(* Steps of length c / (k + 2) in directions making an obtuse angle with
   the current displacement D k keep the displacement bounded:
   |D k|^2 <= K c^2 (1 - 1/(k+1)), and the segment of step k stays within
   the ball of radius c sqrt K. *)
Section ShrinkingSteps.
Variables (n : nat) (D r : nat -> vec n) (c K : R).
Local Notation tau k := (c / (INR k + 2)).
Hypothesis K0 : 0 <= K.
Hypothesis c0 : 0 <= c.
Hypothesis D0 : forall i, D 0 i = 0.
Hypothesis DS : forall k i, D k.+1 i = D k i + tau k * r k i.
Hypothesis Dr : forall k, dot (D k) (r k) <= 0.
Hypothesis rK : forall k, dot (r k) (r k) <= K.

Let Kcc : 0 <= K * c * c.
Proof. by have := Rle_0_sqr c; rewrite /Rsqr; nra. Qed.

Lemma shrinking_step k t (z : vec n) : 0 <= t <= tau k ->
  (forall i, z i = D k i + t * r k i) ->
  dot (D k) (D k) <= K * c * c * (1 - / (INR k + 1)) ->
  dot z z <= K * c * c * (1 - / (INR k + 1 + 1)).
Proof.
move=> [t0 tk] Ez Dk; have k0 := pos_INR k.
apply: Rle_trans (dot_sq_step (Dr k) t0 (rK k) Ez) _.
have : t * t * K <= tau k * tau k * K by apply: Rmult_le_compat_r => //; apply: Rmult_le_compat.
rewrite (_ : tau k * tau k * K = K * c * c * (/ (INR k + 2) * / (INR k + 2))); last by field; lra.
have := Rmult_le_compat_l _ _ _ Kcc (telescoping_bound k0).
lra.
Qed.

Lemma shrinking_steps_invariant k : dot (D k) (D k) <= K * c * c * (1 - / (INR k + 1)).
Proof.
elim: k => [|k IH].
  rewrite /dot big1 => [|i _]; last by rewrite D0; ring.
  by rewrite /= Rplus_0_l Rinv_1; lra.
rewrite S_INR; apply: (shrinking_step _ (DS k) IH).
split; last exact: Rle_refl.
rewrite /Rdiv; apply: Rmult_le_pos => //; apply/Rlt_le/Rinv_0_lt_compat; have := pos_INR k; lra.
Qed.

Lemma shrinking_steps_bounded k t (z : vec n) : 0 <= t <= tau k ->
  (forall i, z i = D k i + t * r k i) -> dot z z <= K * c * c.
Proof.
move=> tk Ez; have := shrinking_step tk Ez (shrinking_steps_invariant k).
have : 0 <= K * c * c * / (INR k + 1 + 1).
  by apply: Rmult_le_pos => //; apply/Rlt_le/Rinv_0_lt_compat; have := pos_INR k; lra.
lra.
Qed.

End ShrinkingSteps.

Lemma dot_sq_lt_coord n (u : vec n) (eps : R) : 0 < eps -> dot u u < eps * eps ->
  forall i, Rabs (u i) < eps.
Proof. by move=> eps0 ueps i; have := dot_sq_term u i => ui; apply: Rabs_def1; nra. Qed.

(* The scheduler's strategy: in round k+1 play, for the displacement
   d = x_k - x0, a mode all of whose rates r satisfy <d, r> <= 0, for the
   duration c / (k + 2). *)
Definition descent_strategy (M : finType) (n : nat) (mode : vec n -> M) (c : R)
  (x0 : vec n) : sched_strategy M n :=
  fun h => (mode (fun i => Defs.pos x0 h.2 i - x0 i), c / (INR (size h.2) + 2)).

(* Sufficiency: with c small enough, the descent strategy keeps the run in
   the ball |x - x0|^2 <= K c^2 inside S, and the durations diverge. *)
Lemma safe_implies_winning (M : finType) (n : nat) (Rates : M -> vec n -> Prop)
  (S : vec n -> Prop) (x0 : vec n) :
  is_BMS Rates -> in_interior S x0 -> safe_MMS Rates ->
  exists sg : sched_strategy M n, winning Rates S x0 sg.
Proof.
move=> HB [eps [eps0 Sball]] Hsafe.
have [mode mode_descent] := @functional_choice _ _ _ (safe_BMS_descent_mode HB Hsafe).
have [K [K0 RK]] := BMS_rates_bounded HB.
set c := eps / (1 + K).
have c0 : 0 < c by apply: Rdiv_lt_0_compat; lra.
have Kc : K * c * c < eps * eps.
  have : c * (1 + K) = eps by rewrite /c; field; lra.
  clearbody c; nra.
have inS : forall y, dot (fun i => y i - x0 i) (fun i => y i - x0 i) <= K * c * c -> S y.
  by move=> y yx0; apply: Sball; apply: (@dot_sq_lt_coord n (fun i => y i - x0 i) eps eps0); lra.
exists (descent_strategy mode c x0); split.
  by move=> h; apply: Rdiv_lt_0_compat => //; have := pos_INR (size h.2); lra.
move=> en ven; set sg := descent_strategy mode c x0.
have tk : forall k, (next_round x0 sg en k).1.2 = c / (INR k + 2).
  by move=> k; rewrite /next_round /= size_run_rounds.
pose D k i := run_pos x0 sg en k i - x0 i.
have bounded := @shrinking_steps_bounded n D (fun k => (next_round x0 sg en k).2) c K K0
  (Rlt_le _ _ c0) (fun i => ltac:(by rewrite /D run_pos_0; ring))
  (fun k i => ltac:(by rewrite /D run_pos_S tk; ring))
  (fun k => mode_descent _ _ (ven _ _ _)) (fun k => RK _ _ (ven _ _ _)).
have in_segment : forall k t y, 0 <= t <= c / (INR k + 2) ->
    (forall i, y i = run_pos x0 sg en k i + t * (next_round x0 sg en k).2 i) -> S y.
  by move=> k t y tkt Ey; apply/inS/(bounded k t _ tkt) => i; rewrite Ey /D; ring.
have tk0 : forall k, 0 <= 0 <= c / (INR k + 2).
  by move=> k; split; [lra | apply/Rlt_le/Rdiv_lt_0_compat => //; have := pos_INR k; lra].
split.
  move=> k; split; first by apply: (in_segment k 0 _ (tk0 k)) => i; ring.
  by move=> t; rewrite tk => tk'; exact: in_segment k t _ tk' (fun i => erefl).
move=> B; have [k Bk] := harmonic_unbounded B c0.
by exists k; under eq_bigr => i _ do rewrite tk.
Qed.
——
* [INSTRUCTIONS TO FOLLOW] Return the whole listing above verbatim.

* [RESULT OF THE EXERCISE]
(* Steps of length c / (k + 2) in directions making an obtuse angle with
   the current displacement D k keep the displacement bounded:
   |D k|^2 <= K c^2 (1 - 1/(k+1)), and the segment of step k stays within
   the ball of radius c sqrt K. *)
Section ShrinkingSteps.
Variables (n : nat) (D r : nat -> vec n) (c K : R).
Local Notation tau k := (c / (INR k + 2)).
Hypothesis K0 : 0 <= K.
Hypothesis c0 : 0 <= c.
Hypothesis D0 : forall i, D 0 i = 0.
Hypothesis DS : forall k i, D k.+1 i = D k i + tau k * r k i.
Hypothesis Dr : forall k, dot (D k) (r k) <= 0.
Hypothesis rK : forall k, dot (r k) (r k) <= K.

Let Kcc : 0 <= K * c * c.
Proof. by have := Rle_0_sqr c; rewrite /Rsqr; nra. Qed.

Lemma shrinking_step k t (z : vec n) : 0 <= t <= tau k ->
  (forall i, z i = D k i + t * r k i) ->
  dot (D k) (D k) <= K * c * c * (1 - / (INR k + 1)) ->
  dot z z <= K * c * c * (1 - / (INR k + 1 + 1)).
Proof.
move=> [t0 tk] Ez Dk; have k0 := pos_INR k.
apply: Rle_trans (dot_sq_step (Dr k) t0 (rK k) Ez) _.
have : t * t * K <= tau k * tau k * K by apply: Rmult_le_compat_r => //; apply: Rmult_le_compat.
rewrite (_ : tau k * tau k * K = K * c * c * (/ (INR k + 2) * / (INR k + 2))); last by field; lra.
have := Rmult_le_compat_l _ _ _ Kcc (telescoping_bound k0).
lra.
Qed.

Lemma shrinking_steps_invariant k : dot (D k) (D k) <= K * c * c * (1 - / (INR k + 1)).
Proof.
elim: k => [|k IH].
  rewrite /dot big1 => [|i _]; last by rewrite D0; ring.
  by rewrite /= Rplus_0_l Rinv_1; lra.
rewrite S_INR; apply: (shrinking_step _ (DS k) IH).
split; last exact: Rle_refl.
rewrite /Rdiv; apply: Rmult_le_pos => //; apply/Rlt_le/Rinv_0_lt_compat; have := pos_INR k; lra.
Qed.

Lemma shrinking_steps_bounded k t (z : vec n) : 0 <= t <= tau k ->
  (forall i, z i = D k i + t * r k i) -> dot z z <= K * c * c.
Proof.
move=> tk Ez; have := shrinking_step tk Ez (shrinking_steps_invariant k).
have : 0 <= K * c * c * / (INR k + 1 + 1).
  by apply: Rmult_le_pos => //; apply/Rlt_le/Rinv_0_lt_compat; have := pos_INR k; lra.
lra.
Qed.

End ShrinkingSteps.

Lemma dot_sq_lt_coord n (u : vec n) (eps : R) : 0 < eps -> dot u u < eps * eps ->
  forall i, Rabs (u i) < eps.
Proof. by move=> eps0 ueps i; have := dot_sq_term u i => ui; apply: Rabs_def1; nra. Qed.

(* The scheduler's strategy: in round k+1 play, for the displacement
   d = x_k - x0, a mode all of whose rates r satisfy <d, r> <= 0, for the
   duration c / (k + 2). *)
Definition descent_strategy (M : finType) (n : nat) (mode : vec n -> M) (c : R)
  (x0 : vec n) : sched_strategy M n :=
  fun h => (mode (fun i => Defs.pos x0 h.2 i - x0 i), c / (INR (size h.2) + 2)).

(* Sufficiency: with c small enough, the descent strategy keeps the run in
   the ball |x - x0|^2 <= K c^2 inside S, and the durations diverge. *)
Lemma safe_implies_winning (M : finType) (n : nat) (Rates : M -> vec n -> Prop)
  (S : vec n -> Prop) (x0 : vec n) :
  is_BMS Rates -> in_interior S x0 -> safe_MMS Rates ->
  exists sg : sched_strategy M n, winning Rates S x0 sg.
Proof.
move=> HB [eps [eps0 Sball]] Hsafe.
have [mode mode_descent] := @functional_choice _ _ _ (safe_BMS_descent_mode HB Hsafe).
have [K [K0 RK]] := BMS_rates_bounded HB.
set c := eps / (1 + K).
have c0 : 0 < c by apply: Rdiv_lt_0_compat; lra.
have Kc : K * c * c < eps * eps.
  have : c * (1 + K) = eps by rewrite /c; field; lra.
  clearbody c; nra.
have inS : forall y, dot (fun i => y i - x0 i) (fun i => y i - x0 i) <= K * c * c -> S y.
  by move=> y yx0; apply: Sball; apply: (@dot_sq_lt_coord n (fun i => y i - x0 i) eps eps0); lra.
exists (descent_strategy mode c x0); split.
  by move=> h; apply: Rdiv_lt_0_compat => //; have := pos_INR (size h.2); lra.
move=> en ven; set sg := descent_strategy mode c x0.
have tk : forall k, (next_round x0 sg en k).1.2 = c / (INR k + 2).
  by move=> k; rewrite /next_round /= size_run_rounds.
pose D k i := run_pos x0 sg en k i - x0 i.
have bounded := @shrinking_steps_bounded n D (fun k => (next_round x0 sg en k).2) c K K0
  (Rlt_le _ _ c0) (fun i => ltac:(by rewrite /D run_pos_0; ring))
  (fun k i => ltac:(by rewrite /D run_pos_S tk; ring))
  (fun k => mode_descent _ _ (ven _ _ _)) (fun k => RK _ _ (ven _ _ _)).
have in_segment : forall k t y, 0 <= t <= c / (INR k + 2) ->
    (forall i, y i = run_pos x0 sg en k i + t * (next_round x0 sg en k).2 i) -> S y.
  by move=> k t y tkt Ey; apply/inS/(bounded k t _ tkt) => i; rewrite Ey /D; ring.
have tk0 : forall k, 0 <= 0 <= c / (INR k + 2).
  by move=> k; split; [lra | apply/Rlt_le/Rdiv_lt_0_compat => //; have := pos_INR k; lra].
split.
  move=> k; split; first by apply: (in_segment k 0 _ (tk0 k)) => i; ring.
  by move=> t; rewrite tk => tk'; exact: in_segment k t _ tk' (fun i => erefl).
move=> B; have [k Bk] := harmonic_unbounded B c0.
by exists k; under eq_bigr => i _ do rewrite tk.
Qed.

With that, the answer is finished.